= Shiv Malik =

British author, communications expert and journalist (born 1981)

Shiv Malik (born 1981) is a British author, communications professional, and former investigative journalist.

== Career ==

=== Journalism and writing ===
Malik is known for work with a now defunct team of investigative journalists at The Guardian, where he reported on matters such as terrorism and labour rights until 2016. He is a co-founder and advisory board member of The Intergenerational Foundation, a charitable UK-based think-tank, which seeks to promote fairness between generations.
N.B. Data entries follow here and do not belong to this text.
(* Let $S\subseteq\{(i,j)\in[n]\times[n]:i<j\}$ be such that $U_S:=\{I_n+\sum_{(i,j)\in S}a_{ij}E_{ij}: a_{ij}\in\mathbb F\}$ is a subgroup of $U_n$. Then $U_S$ is generated by $\{I_n+\lambda E_{ij}:(i,j)\in S,\ \lambda\in\mathbb F\}$, and every element of $U_S$ is a product of at most $|S|$ elements of this set.
   Context: $\mathbb F$ is a field; $[n]=\{1,\dots,n\}$; $U_n$ is the group of $n\times n$ upper triangular matrices over $\mathbb F$ with all diagonal entries $1$; $E_{ij}$ is the matrix unit. *)

From HB Require Import structures.
From mathcomp Require Import all_boot all_order all_algebra.
Set Implicit Arguments. Unset Strict Implicit. Unset Printing Implicit Defensive.
Import GRing.Theory.
Local Open Scope ring_scope.

(* Matrices are 'M[F]_n with indices 'I_n = {0,...,n-1} (standing for [n]). *)

Definition Eij (F : fieldType) (n : nat) (i j : 'I_n) : 'M[F]_n := delta_mx i j.

Definition elemU (F : fieldType) (n : nat) (i j : 'I_n) (l : F) : 'M[F]_n :=
  1%:M + l *: @Eij F n i j.

Definition in_Un (F : fieldType) (n : nat) (M : 'M[F]_n) : Prop :=
  (forall i, M i i = 1) /\ (forall i j : 'I_n, (j < i)%N -> M i j = 0).

Definition in_US (F : fieldType) (n : nat) (S : {set 'I_n * 'I_n}) (M : 'M[F]_n) : Prop :=
  exists a : 'I_n -> 'I_n -> F,
    M = 1%:M + \sum_(p in S) a p.1 p.2 *: @Eij F n p.1 p.2.

Definition subgroup_of_Un (F : fieldType) (n : nat) (P : 'M[F]_n -> Prop) : Prop :=
  [/\ (forall M, P M -> in_Un M),
      P 1%:M,
      (forall A B, P A -> P B -> P (A *m B)) &
      (forall A, P A -> A \in unitmx /\ P (invmx A))].

Definition mprod (F : fieldType) (n : nat) (s : seq 'M[F]_n) : 'M[F]_n :=
  foldr (fun A B => A *m B) 1%:M s.

Definition in_gens (F : fieldType) (n : nat) (S : {set 'I_n * 'I_n}) (M : 'M[F]_n) : Prop :=
  exists2 p, p \in S & exists l : F, M = @elemU F n p.1 p.2 l.

Definition in_generated (F : fieldType) (n : nat) (X : 'M[F]_n -> Prop) (M : 'M[F]_n) : Prop :=
  exists s : seq 'M[F]_n,
    (forall A, A \in s -> X A \/ (A \in unitmx /\ X (invmx A))) /\ M = mprod s.

From mathcomp Require Import all_boot all_order all_algebra.
From mathcomp Require Import zify.
Set Implicit Arguments. Unset Strict Implicit. Unset Printing Implicit Defensive.
Import GRing.Theory.
Local Open Scope ring_scope.

(* Right multiplication by I + l E_ij adds l times column i to column j.  For
   M upper unitriangular, column i vanishes below row i, so this changes only
   the entries (p, j) with p <= i.  Hence the off-diagonal entries of M in U_S
   can be cleared one at a time, in decreasing column-major order of their
   positions, each by one elementary factor with (i, j) in S, without spoiling
   the entries already cleared; positions outside S never need clearing since
   every intermediate product stays in U_S.  Undoing the factors writes M as
   a product of at most |S| generators. *)

Lemma mulmx_elemU_entry (F : fieldType) n (M : 'M[F]_n) i j l p q :
  (M *m elemU i j l) p q = M p q + l * (M p i * (q == j)%:R).
Proof.
rewrite /elemU /Eij mulmxDr mulmx1 -scalemxAr !mxE; congr (_ + _ * _).
rewrite (bigD1 i) //= big1 => [|k neq_ki]; rewrite !mxE ?eqxx.
  by rewrite addr0 andbC /=; case: (q == j); rewrite ?mulr1 ?mulr0.
by rewrite (negbTE neq_ki) mulr0.
Qed.

Lemma mul_elemUN (F : fieldType) n (i j : 'I_n) l : i != j ->
  @elemU F n i j (- l) *m elemU i j l = 1%:M.
Proof.
move=> neq_ij; rewrite /elemU /Eij mulmxDr mulmx1 mulmxDl mul1mx.
rewrite -!scalemxAr -scalemxAl mul_delta_mx_0 1?eq_sym // !scaler0 addr0.
by rewrite scaleNr addrAC -addrA subrr addr0.
Qed.

Lemma mprod_cat (F : fieldType) n (s1 s2 : seq 'M[F]_n) :
  mprod (s1 ++ s2) = mprod s1 *m mprod s2.
Proof.
elim: s1 => [|A s IHs] /=; first by rewrite /mprod /= mul1mx.
by rewrite /mprod /= -/(mprod _) IHs mulmxA.
Qed.

Lemma elemU_in_US (F : fieldType) n (S : {set 'I_n * 'I_n}) (i j : 'I_n) l :
  (i, j) \in S -> in_US S (@elemU F n i j l).
Proof.
move=> ijS; exists (fun x y => if (x == i) && (y == j) then l else 0).
rewrite /elemU; congr (_ + _).
rewrite (bigD1 (i, j)) //= !eqxx /= big1 ?addr0 // => x /andP [_ neq_x].
case: ifP => [/andP [/eqP x1 /eqP x2]|_]; last by rewrite scale0r.
by move: neq_x; rewrite -x1 -x2 -surjective_pairing eqxx.
Qed.

Lemma in_US_notin (F : fieldType) n (S : {set 'I_n * 'I_n}) (M : 'M[F]_n) p q :
  in_US S M -> (p, q) \notin S -> p != q -> M p q = 0.
Proof.
move=> [a ->] pqNS neq_pq; rewrite !mxE summxE (negbTE neq_pq) add0r.
rewrite big1 // => x xS; rewrite !mxE.
case: (_ =P _) => [x1|]; last by rewrite mulr0.
case: (_ =P _) => [x2|]; last by rewrite mulr0.
by move: pqNS; rewrite x1 x2 -surjective_pairing xS.
Qed.

Lemma in_generated_sub (F : fieldType) n (P X : 'M[F]_n -> Prop) M :
  subgroup_of_Un P -> (forall A, X A -> P A) -> in_generated X M -> P M.
Proof.
case=> _ P1 PM PV XP [s [sX ->]]; elim: s sX => [|A s IHs] sX; first exact: P1.
rewrite /mprod /= -/(mprod _); apply: PM; last first.
  by apply: IHs => B Bs; apply: sX; rewrite inE Bs orbT.
have [/XP //|[_ /XP PAV]] := sX A (mem_head _ _).
by rewrite -(invmxK A); apply: (PV _ PAV).2.
Qed.

Section ColumnMajorRank.
Variable n : nat.

Definition colrank (x : 'I_n * 'I_n) : nat := x.2 * n + x.1.

Lemma colrank_inj : injective colrank.
Proof.
move=> [p q] [i j]; rewrite /colrank /= => eq_rank.
have n_gt0 : (0 < n)%N by apply: leq_ltn_trans (ltn_ord p).
have := congr1 (modn^~ n) eq_rank; have := congr1 (divn^~ n) eq_rank => /=.
rewrite !modnMDl !divnMDl // !modn_small // !divn_small // !addn0.
by move=> /val_inj -> /val_inj ->.
Qed.

Lemma colrank_lt x : (colrank x < n * n)%N.
Proof.
case: x => p q; rewrite /colrank /=; apply: leq_trans (leq_mul (ltn_ord q) (leqnn n)).
by rewrite mulSn addnC ltn_add2r.
Qed.

End ColumnMajorRank.

Definition offdiag_zero_from (F : fieldType) n m (M : 'M[F]_n) : Prop :=
  forall p q : 'I_n, p != q -> (m <= colrank (p, q))%N -> M p q = 0.

Lemma offdiag_zero_from0 (F : fieldType) n (M : 'M[F]_n) :
  in_Un M -> offdiag_zero_from 0 M -> M = 1%:M.
Proof.
move=> [M_diag _] M0; apply/matrixP => p q; rewrite !mxE.
by case: (eqVneq p q) => [->|neq_pq]; rewrite ?M_diag ?M0.
Qed.

Lemma offdiag_zero_from_clear (F : fieldType) n m (M : 'M[F]_n) (i j : 'I_n) :
  in_Un M -> offdiag_zero_from m.+1 M -> (i < j)%N -> colrank (i, j) = m ->
  offdiag_zero_from m (M *m elemU i j (- M i j)).
Proof.
rewrite /offdiag_zero_from /colrank /= => [[M_diag M_lower]] Mm lt_ij rank_ij.
move=> p q; rewrite mulmx_elemU_entry.
case: (eqVneq q j) => [->|neq_qj] neq_pq le_m; last first.
  rewrite !mulr0 addr0 Mm //; rewrite leq_eqVlt in le_m.
  case/orP: le_m => [/eqP eq_rank|//].
  have /colrank_inj [_ eq_qj] : colrank (p, q) = colrank (i, j).
    by rewrite /colrank /= -eq_rank.
  by rewrite eq_qj eqxx in neq_qj.
rewrite mulr1; case: (ltngtP p i) => [lt_pi|lt_ip|/val_inj ->].
- by move: le_m; rewrite -rank_ij; lia.
- by rewrite (M_lower p i) // mulr0 addr0 Mm // -rank_ij; lia.
- by rewrite (M_diag i) mulr1 subrr.
Qed.

Section Factorization.
Variables (F : fieldType) (n : nat) (S : {set 'I_n * 'I_n}).
Hypothesis S_upper : forall x, x \in S -> (x.1 < x.2)%N.
Hypothesis US_subgroup : subgroup_of_Un (in_US (F := F) S).

Definition S_below m := [set x in S | (colrank x < m)%N].

Lemma S_below_subS m : S_below m \subset S_below m.+1.
Proof. by apply/subsetP => y; rewrite !inE => /andP [-> /ltnW]. Qed.

Lemma card_S_below_key m x :
  x \in S -> colrank x = m -> (#|S_below m| < #|S_below m.+1|)%N.
Proof.
move=> xS rank_x; apply: proper_card; apply/properP; split; first exact: S_below_subS.
by exists x; rewrite !inE xS rank_x ?ltnSn ?ltnn.
Qed.

Lemma offdiag_zero_from_notin m (M : 'M[F]_n) :
  in_US S M -> offdiag_zero_from m.+1 M ->
  (forall x, x \in S -> colrank x != m) -> offdiag_zero_from m M.
Proof.
move=> MS Mm no_key p q neq_pq; rewrite leq_eqVlt => /orP [/eqP rank_pq|]; last exact: Mm.
apply: (in_US_notin MS) => //; apply/negP => pqS.
by have := no_key _ pqS; rewrite rank_pq eqxx.
Qed.

Lemma in_US_gens_prod_below m (M : 'M[F]_n) :
  in_US S M -> offdiag_zero_from m M ->
  exists s : seq 'M[F]_n, (forall A, A \in s -> in_gens S A) /\
    (size s <= #|S_below m|)%N /\ M = mprod s.
Proof.
have [M_Un _ USM _] := US_subgroup.
elim: m M => [|m IHm] M MS Mm.
  by exists [::]; rewrite /mprod /= (offdiag_zero_from0 (M_Un _ MS) Mm).
case: (pickP [pred x in S | colrank x == m]) => [[i j] /andP [/= ijS /eqP rank_ij]|no_key].
  have lt_ij := S_upper ijS.
  have M'S : in_US S (M *m elemU i j (- M i j)) by apply: USM => //; apply: elemU_in_US.
  have [s [s_gens [size_s M'_prod]]] :=
    IHm _ M'S (offdiag_zero_from_clear (M_Un _ MS) Mm lt_ij rank_ij).
  exists (s ++ [:: elemU i j (M i j)]); split; last split.
  - move=> A; rewrite mem_cat => /orP [/s_gens //|]; rewrite inE => /eqP ->.
    by exists (i, j) => //; exists (M i j).
  - by rewrite size_cat addn1; apply: leq_ltn_trans size_s (card_S_below_key ijS rank_ij).
  - rewrite mprod_cat -M'_prod /mprod /= mulmx1 -mulmxA mul_elemUN ?mulmx1 //.
    by rewrite neq_ltn lt_ij.
have Mm' : offdiag_zero_from m M.
  by apply: offdiag_zero_from_notin => // x xS; have := no_key x; rewrite /= xS => /negbT.
have [s [s_gens [size_s M_prod]]] := IHm _ MS Mm'.
exists s; do 2!split => //.
exact: leq_trans size_s (subset_leq_card (S_below_subS m)).
Qed.

Lemma in_US_gens_prod (M : 'M[F]_n) : in_US S M ->
  exists s : seq 'M[F]_n,
    (forall A, A \in s -> in_gens S A) /\ (size s <= #|S|)%N /\ M = mprod s.
Proof.
move=> MS; have [|s [s_gens [size_s M_prod]]] := in_US_gens_prod_below (m := n * n) MS.
  by move=> p q _; rewrite leqNgt colrank_lt.
exists s; do 2!split => //; apply: leq_trans size_s (subset_leq_card _).
by apply/subsetP => x; rewrite inE => /andP [].
Qed.

End Factorization.

Theorem lemma2p13 (F : fieldType) (n : nat) (S : {set 'I_n * 'I_n}) :
  (forall p, p \in S -> (p.1 < p.2)%N) ->
  subgroup_of_Un (in_US (F := F) S) ->
  (forall M : 'M[F]_n, in_US S M <-> in_generated (in_gens S) M) /\
  (forall M : 'M[F]_n, in_US S M ->
     exists s : seq 'M[F]_n,
       (forall A, A \in s -> in_gens S A) /\ (size s <= #|S|)%N /\ M = mprod s).
Proof.
move=> S_upper US_subgroup; split => [M|]; last exact: in_US_gens_prod.
split=> [/(in_US_gens_prod S_upper US_subgroup) [s [s_gens [_ ->]]]|].
  by exists s; split => // A /s_gens; left.
apply: in_generated_sub => // A [[i j] ijS [l ->]].
exact: elemU_in_US.
Qed.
Earlier in his career, Malik wrote for Prospect Magazine, The Sunday Times, The Independent on Sunday and others. He has also appeared on numerous media outlets, including BBC Newsnight and Channel 4, discussing topics ranging from Islamic terrorism to social media companies. In 2008, he was part of a court case related to him refusing to hand over information on sources to a police investigation.

Together with journalist Ed Howker, Malik is co-author of the widely publicized 2010 book Jilted Generation: How Britain Has Bankrupted Its Youth, on intergenerational socio-economic conflicts in Britain. The book was re-released with a new preface in 2013. The authors describe how Britons of the Millennial generation (defined as those born after 1979), have diminished opportunities for social mobility, home ownership and that they're burdened by reforms such as tuition fees.

“Jilted Generation” and its subject has brought forward Malik as a public speaker at numerous events and media interviews, during several years after its release. The book is also cited as having partially inspired playwright D.C. Moore to write the TV series Not Safe For Work, for Channel 4.

=== Corporate communications ===
In 2017, Malik switched to work in corporate communications for blockchain and cryptocurrency projects.

In late 2017, Malik had been hired as Head of Communications for Streamr, a Swiss, formerly Finnish company.

=== Forest City ===
In 2025, Malik has been a leading figure in advocating the development of Forest City 1, a proposed planned city near Cambridge.